Dbanie o czystość pędzli to dbanie także o swoją skórę na twarzy i szyi. Myślę, że żadna kobieta nie wytarłaby się zakurzonym ręcznikiem. Pędzlem również nie, jednak na pędzlach i pacynkach do cieni (przechowywanych są w tradycyjny sposób, czyli w ozdobnych kubkach w łazience) zbierają na sobie kurz. Czyszczenie i mycie pędzli przyda się zatem nie tylko alergikom, a właściwie alergiczkom.

Jak już wspomniałam powyżej, wszystkie akcesoria kosmetyczne wymagają czyszczenia. Jak więc wyczyścić pędzle? Poniżej podaję kilka sposobów.

Po pierwsze, można użyć ciepłej wody i mydła. Nie należy ich myć ruchem okrężnym, gdyż wtedy zniszczy się włosie. Po umyciu pędzle należy starannie opłukać, a potem wysuszyć, zwracając jednocześnie uwagę na odpowiednie ułożenie włosia podczas suszenia.

Zamiast mydła do mycia można użyć także: szamponu do włosów czy żelu do mycia twarzy.
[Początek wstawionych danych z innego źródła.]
Ltac omega_exponents :=
  rewrite ?zeta_omega ?N1_omega ?(omegaX, omegaV, omegaM, omegaN);
  apply/eqP; rewrite eq_omega_expz; vm_compute; reflexivity.

Lemma diagram_I : let qI := braid_of mI in
  [/\ qI i1 i1 = - zeta ^+ 2, qI i2 i2 = - zeta ^+ 2,
      qI i1 i2 * qI i2 i1 = zeta,
      cartan_finite qI & cartan qI = mx2 2 (-2) (-2) 2].
Proof.
have tI12 : sgram_twelfths tI by vm_compute.
have mI12 := sgram_mx_twelfths tI12.
have mIE : mI = sgram_mx tI by [].
move=> qI; rewrite {}/qI !(braid_ofE mI12) mIE (cartan_sgram tI12).
split; rewrite ?mx2E; try by omega_exponents.
  exact: cartan_finite_braid_of.
by congr mx2; vm_compute.
Qed.

Lemma diagram_II : let qII := braid_of mII in
  [/\ qII i1 i1 = - zeta ^+ 2, qII i2 i2 = -1,
      qII i1 i2 * qII i2 i1 = zeta ^+ 3,
      cartan_finite qII & cartan qII = mx2 2 (-2) (-1) 2].
Proof.
have tII12 : sgram_twelfths tII by vm_compute.
have mII12 := sgram_mx_twelfths tII12.
have mIIE : mII = sgram_mx tII by [].
move=> qII; rewrite {}/qII !(braid_ofE mII12) mIIE (cartan_sgram tII12).
split; rewrite ?mx2E; try by omega_exponents.
  exact: cartan_finite_braid_of.
by congr mx2; vm_compute.
Qed.

Lemma diagram_III : let qIII := braid_of mIII in
  [/\ qIII i1 i1 = - zeta^-1, qIII i2 i2 = -1,
      qIII i1 i2 * qIII i2 i1 = - zeta ^+ 3,
      cartan_finite qIII & cartan qIII = mx2 2 (-3) (-1) 2].
Proof.
have tIII12 : sgram_twelfths tIII by vm_compute.
have mIII12 := sgram_mx_twelfths tIII12.
have mIIIE : mIII = sgram_mx tIII by [].
move=> qIII; rewrite {}/qIII !(braid_ofE mIII12) mIIIE (cartan_sgram tIII12).
split; rewrite ?mx2E; try by omega_exponents.
  exact: cartan_finite_braid_of.
by congr mx2; vm_compute.
Qed.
Po drugie, do mycia pędzli można także używać specjalistycznych płynów. Wiele marek kosmetycznych ma w swojej ofercie takie produkty. Płynem tym spryskuje się pędzle, a potem delikatnie wyciera chusteczką higieniczną. Czynność tę należy powtarzać tak długo, aż chusteczka będzie całkowicie czysta.

Nie wolno suszyć pędzli na kaloryferze ani suszarką. Podczas mycia należy trzymać pędzel włosiem w dół. Najlepiej suszyć pędzle na leżąco, np. w taki sposób, aby włosie wystawało za blat szafki. Jeśli ktoś używa preparatów dezynfekujących, to nie może z nimi przesadzać, bowiem zawierają w swoim składzie alkohol, który z kolei wysusza i niszczy włosie.

Uwaga!

Dla zachowania higieny, pędzle warto myć po każdym ich użyciu. Wiemy jednak, że każda z nas ma ograniczony czas i masę zajęć na głowie, więc polecam mycie pędzli choć raz w tygodniu. Wyjątkiem są pędzle do podkładu i korektora – te należy myć bezwzględnie po każdym użyciu.
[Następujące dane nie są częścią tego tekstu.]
(* Degree-l lift given by a perfect matching (permutation) pi c v of the
   copy sets for each edge (c,v): copy (v,a) is joined to copy (c, pi c v a). *)
Definition lift_codeword (l : nat) (pi : 'I_m -> 'I_n -> {perm 'I_l})
  (x : 'I_n -> 'I_l -> bool) : Prop :=
  forall (c : 'I_m) (b : 'I_l),
    ~~ odd #|[set va : 'I_n * 'I_l |
                [&& adj c va.1, pi c va.1 va.2 == b & x va.1 va.2]]|.

Definition lift_realizable (p : {ffun 'I_n -> nat}) : Prop :=
  exists (l : nat) (pi : 'I_m -> 'I_n -> {perm 'I_l}) (x : 'I_n -> 'I_l -> bool),
    0 < l /\ lift_codeword pi x /\
    forall v : 'I_n, p v = #|[set a : 'I_l | x v a]|.

Definition is_codeword (p : {ffun 'I_n -> nat}) : Prop :=
  (forall v, p v <= 1) /\ in_code (fun v => p v == 1).

Definition nc_pseudocodeword (p : {ffun 'I_n -> nat}) : Prop :=
  lift_realizable p /\ ~ is_codeword p.

(* p is a sum of two or more nonzero codewords / lift-realizable
   pseudocodewords (codewords are themselves lift-realizable with l = 1,
   but we allow both explicitly). *)
Definition reducible (p : {ffun 'I_n -> nat}) : Prop :=
  exists s : seq {ffun 'I_n -> nat},
    1 < size s /\
    (forall q, q \in s -> q != [ffun => 0] /\ (is_codeword q \/ lift_realizable q)) /\
    forall v : 'I_n, p v = \sum_(q <- s) q v.

Definition irreducible_nc_pcw (p : {ffun 'I_n -> nat}) : Prop :=
  nc_pseudocodeword p /\ ~ reducible p.

Definition tanner_rel : rel ('I_n + 'I_m) :=
  fun x y => match x, y with
             | inl v, inr c => adj c v
             | inr c, inl v => adj c v
             | _, _ => false
             end.

Definition is_tree : Prop :=
  (forall x y, connect tanner_rel x y) /\
  ~ (exists s : seq ('I_n + 'I_m), 2 < size s /\ uniq s /\ cycle tanner_rel s).

Definition check_deg (c : 'I_m) : nat := #|[set v : 'I_n | adj c v]|.

Definition deg2_step (v w : 'I_n) : bool :=
  [exists c : 'I_m, [&& check_deg c == 2, adj c v & adj c w]].

Definition deg2_connected : Prop :=
  forall v w : 'I_n, v != w ->
    exists s : seq 'I_n, [/\ path deg2_step v s, uniq (v :: s) & last v s = w].

End Tanner.

From mathcomp Require Import all_boot all_order perm fingroup.
Set Implicit Arguments. Unset Strict Implicit. Unset Printing Implicit Defensive.

(* (i) On a forest the edge permutations of any lift can be untwisted by
   relabelling the copies at every node, so a lift codeword is just l codewords
   of G side by side: every lift-realizable pseudocodeword is a sum of codewords
   and none is an irreducible nc-pseudocodeword.
   (ii) A check of degree two forces its two neighbours to carry equal weights in
   every lift codeword, so under the path hypothesis every lift-realizable
   pseudocodeword is constant, p = k 1. If all checks have even degree, 1 is a
   codeword and k 1 is reducible for k > 1. Otherwise an odd-degree check forces
   k to be even, a check of degree one forces k = 0, and if there is none then
   2 1 is lift-realizable, so 2 1 is the only candidate. *)

Lemma card_set_andE (T : finType) (P Q : pred T) :
  #|[set t | P t && Q t]| = \sum_(t | P t) Q t.
Proof.
rewrite -sum1_card big_mkcond [RHS]big_mkcond /=.
by apply: eq_bigr => t _; rewrite inE; case: (P t); case: (Q t).
Qed.

Lemma card_setE (T : finType) (P : pred T) : #|[set t | P t]| = \sum_t P t.
Proof. by rewrite -(card_set_andE predT). Qed.

Lemma next_neq (T : eqType) (s : seq T) x :
  uniq s -> 1 < size s -> x \in s -> next s x != x.
Proof.
move=> Us s_gt1 /rot_to[i q Es]; rewrite -(next_rot i Us) Es.
have : uniq (x :: q) by rewrite -Es rot_uniq.
have : 1 < size (x :: q) by rewrite -Es size_rot.
case: q {Es} => [|y q] //= _ /andP[]; rewrite inE negb_or eqxx eq_sym.
by case/andP.
Qed.

Section Tanner.
Variables (n m : nat) (adj : tanner n m).

Lemma in_codeE (x : 'I_n -> bool) :
  in_code adj x <-> forall c, ~~ odd (\sum_(v | adj c v) x v).
Proof. by split=> x_cw c; move: (x_cw c); rewrite /= card_set_andE. Qed.

Lemma is_codeword_bool (x : 'I_n -> bool) :
  in_code adj x -> is_codeword adj [ffun v => nat_of_bool (x v)].
Proof.
move=> /in_codeE x_cw; split=> [v|]; first by rewrite ffunE leq_b1.
by apply/in_codeE => c; under eq_bigr => v _ do rewrite ffunE eqb1; exact: x_cw.
Qed.

Lemma is_codeword0 : is_codeword adj [ffun => 0].
Proof. by apply: (@is_codeword_bool (fun=> false)); apply/in_codeE => c; rewrite big1. Qed.

Lemma is_codeword1 : (forall c, ~~ odd (check_deg adj c)) -> is_codeword adj [ffun => 1].
Proof.
move=> even_deg; apply: (@is_codeword_bool (fun=> true)); apply/in_codeE => c.
by rewrite sum_nat_cond_const /= muln1; exact: even_deg.
Qed.

Lemma reducible_scale (v0 : 'I_n) (r k : nat) : 0 < r -> 1 < k ->
  is_codeword adj [ffun => r] \/ lift_realizable adj [ffun => r] ->
  reducible adj [ffun => k * r].
Proof.
move=> r_gt0 k_gt1 r_pcw; exists (nseq k [ffun => r]).
split; first by rewrite size_nseq.
split=> [q /nseqP[-> _]|v]; last by rewrite big_nseq iter_addn_0 !ffunE mulnC.
by split=> //; apply/eqP => /ffunP/(_ v0); rewrite !ffunE => r0; rewrite r0 in r_gt0.
Qed.

Lemma sum_codewords (I : finType) (y : I -> {ffun 'I_n -> nat}) (p : {ffun 'I_n -> nat}) :
  (forall i, is_codeword adj (y i)) -> (forall v, p v = \sum_i y i v) ->
  is_codeword adj p \/ reducible adj p.
Proof.
move=> y_cw p_sum.
have [s [p_s s_cw]] : exists s : seq {ffun 'I_n -> nat},
    (forall v, p v = \sum_(q <- s) q v) /\
    forall q, q \in s -> q != [ffun => 0] /\ is_codeword adj q.
  exists [seq q <- map y (index_enum I) | q != [ffun => 0]]; split=> [v|q].
    rewrite p_sum big_filter big_map [LHS](bigID (fun i => y i != [ffun => 0])) /=.
    by rewrite [X in _ + X]big1 ?addn0 // => i /negPn/eqP->; rewrite ffunE.
  by rewrite mem_filter => /andP[-> /mapP[i _ ->]]; split; last exact: y_cw.
case: s p_s s_cw => [|q [|q' s]] p_s s_cw.
- left; rewrite (_ : p = [ffun => 0]); first exact: is_codeword0.
  by apply/ffunP => v; rewrite p_s big_nil ffunE.
- left; rewrite (_ : p = q); first exact: (s_cw q (mem_head _ _)).2.
  by apply/ffunP => v; rewrite p_s big_seq1.
- right; exists [:: q, q' & s]; split=> //; split=> // r /s_cw[r_nz r_cw].
  by split=> //; left.
Qed.

Lemma lift_codewordE l (pi : 'I_m -> 'I_n -> {perm 'I_l}) x :
  lift_codeword adj pi x <->
  forall c b, ~~ odd (\sum_(v | adj c v) x v ((pi c v)^-1%g b)).
Proof.
suff card_copy c b : #|[set va : 'I_n * 'I_l |
    [&& adj c va.1, pi c va.1 va.2 == b & x va.1 va.2]]|
  = #|[set v | adj c v && x v ((pi c v)^-1%g b)]|.
  by split=> x_cw c b; move: (x_cw c b); rewrite card_copy card_set_andE.
rewrite -(card_imset _ (f := fun v => (v, (pi c v)^-1%g b))); last first.
  by move=> v w [].
apply: eq_card => -[v a]; rewrite !inE /=; apply/and3P/imsetP => /=.
- case=> cv /eqP <- xva; exists v; first by rewrite inE cv permK.
  by rewrite permK.
- case=> w; rewrite inE => /andP[cw xw] [-> ->].
  by rewrite permKV.
Qed.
Jak Wy czyścicie swoje pędzle do makijażu? Dajcie znać w komentarzu.

PODZIEL SIĘ
Poprzedni artykułJak czyścić aluminiowe garnki?
Następny artykułJak myć lustra bez smug?

Sabina Sosnowska – urodzona pedantka, fanka ładu i porządku. Pracowała jako asystentka w firmie kosmetycznej i asystent kierownictwa w firmie ogrodniczej. Studiuje zarządzanie. Kocha wieś i zdrowy tryb życia. W serwisie Spec.pl podpowiada jak prowadzić dom i propaguje wizerunek „nowoczesnej pani domu”, czyli house manager.

 

Nasz specjalista pisze o sobie:

Sprzątam od dziecka. Choć to ciężka praca, nie uważam jej za przykry obowiązek,  wręcz przeciwnie, uwielbiam cały proces doprowadzania domu do porządku. Wiele osób śmieje się, że mam swoje ulubione sposoby składania ręczników, pościeli czy ubrań, a ja jestem z tego dumna. Czasami wyjmuję wszystko z szafy i układam od nowa tylko po to, aby z przyjemnością spoglądać na efekt.
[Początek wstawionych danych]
Definition prime (X : form -> Prop) : Prop :=
  (forall phi, derives X (fun psi => psi = phi) -> X phi) /\
  (forall phi psi, X (Or phi psi) -> X phi \/ X psi).

Record theory : Type := {
  tplus : form -> Prop;
  tdia  : form -> Prop;
  tplus_prime : prime tplus;
  tdia_cons : forall Psi : list form, Psi <> [] ->
      (forall x, In x Psi -> tdia x) -> ~ tplus (Dia (bigOr Psi))
}.

Definition tbox (G : theory) (phi : form) : Prop := tplus G (Box phi).

Record structure : Type := {
  world : Type;
  wbot  : world -> Prop;
  wle   : world -> world -> Prop;   (* intuitionistic order *)
  wsq   : world -> world -> Prop;   (* modal relation *)
  val   : nat -> world -> Prop
}.

Fixpoint sat (M : structure) (w : world M) (phi : form) : Prop :=
  match phi with
  | Var p => val M p w
  | Bot => wbot M w
  | And a b => sat M w a /\ sat M w b
  | Or a b => sat M w a \/ sat M w b
  | Imp a b => forall v, wle M w v -> sat M v a -> sat M v b
  | Dia a => forall u, wle M w u -> exists v, wsq M u v /\ sat M v a
  | Box a => forall u v, wle M w u -> wsq M u v -> sat M v a
  end.

Definition valid (M : structure) (phi : form) : Prop :=
  forall w : world M, ~ wbot M w -> sat M w phi.

Definition bot_c (G : theory) : Prop :=
  (forall phi, tplus G phi) /\ (forall phi, ~ tdia G phi).

Definition le_c (G D : theory) : Prop := forall phi, tplus G phi -> tplus D phi.

Definition sq_c (G D : theory) : Prop :=
  (forall phi, tbox G phi -> tplus D phi) /\ (forall phi, tdia G phi -> tdia D phi).

Definition le_Sigma (Sigma : form -> Prop) (G D : theory) : Prop :=
  le_c G D /\
  ((forall phi, tplus G phi <-> tplus D phi) \/
   (exists chi, Sigma chi /\ tplus D chi /\ ~ tplus G chi)).

Definition canonical_model (Sigma : form -> Prop) : structure := {|
  world := theory;
  wbot := bot_c;
  wle := le_Sigma Sigma;
  wsq := sq_c;
  val := fun p G => tplus G (Var p)
|}.

Fixpoint subformulas (phi : form) : list form :=
  phi :: match phi with
         | Var _ | Bot => []
         | And a b | Or a b | Imp a b => subformulas a ++ subformulas b
         | Dia a | Box a => subformulas a
         end.

Definition finite_set (S : form -> Prop) : Prop :=
  exists l : list form, forall phi, S phi <-> In phi l.

Definition subformula_closed (S : form -> Prop) : Prop :=
  forall phi psi, S phi -> In psi (subformulas phi) -> S psi.

(* The proof is the standard canonical-model argument.  The truth lemma is then an induction on formulas inside
   Sigma; the restriction of the intuitionistic order to Sigma-witnessed
   steps is respected because each implication witness adds the antecedent,
   which lies in Sigma.  Completeness for theorems follows by applying the
   truth lemma to a prime set refuting a non-theorem. *)

From Stdlib Require Import List Classical Cantor Lia.
Import ListNotations.

(* [der H a]: a follows from the hypotheses H by theorems of CS4 and modus
   ponens (necessitation is only applied to theorems). *)
Inductive der (H : list form) : form -> Prop :=
| dhyp a : In a H -> der H a
| dthm a : CS4 a -> der H a
| dmp a b : der H (Imp a b) -> der H a -> der H b.

Lemma thm_id a : CS4 (Imp a a).
Proof.
  eapply rule_MP; [eapply rule_MP; [apply (ax_S a (Imp a a) a) | apply ax_K]|].
  apply (ax_K a a).
Qed.

Lemma der_weak H H' a : der H a -> incl H H' -> der H' a.
Proof.
  induction 1; intros; [apply dhyp; auto | apply dthm; auto | eapply dmp; eauto].
Qed.

Lemma deduction a H b : der (a :: H) b -> der H (Imp a b).
Proof.
  induction 1 as [c [<- | Hc] | c Hc | c d _ IHcd _ IHc].
  - apply dthm, thm_id.
  - eapply dmp; [apply dthm, ax_K | now apply dhyp].
  - eapply dmp; [apply dthm, ax_K | now apply dthm].
  - eapply dmp; [eapply dmp; [apply dthm, ax_S | exact IHcd] | exact IHc].
Qed.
Lubię gotować, a przede wszystkim jeść. Mieszkam na wsi, gdzie mam swój warzywnik, ogród, oczko ze złotymi rybkami oraz sad. Dzięki temu mogę przygotowywać różne pyszności (kompoty, przetwory i musy) i dzielić się nimi z najbliższymi.

Mogłoby się wydawać, że jestem nudną „kurą domową”. Nic z tych rzeczy. Prowadzę dość ciekawe i różnorodne życie. Studiuję, pracuję, bawię się. Współpracuję ze studencką gazetą, działam w kole naukowym, a nawet piszę książkę, bo obiecałam to mojej przyjaciółce. Moich przyjaciół uwielbiam i skoczyłabym za nimi w ogień.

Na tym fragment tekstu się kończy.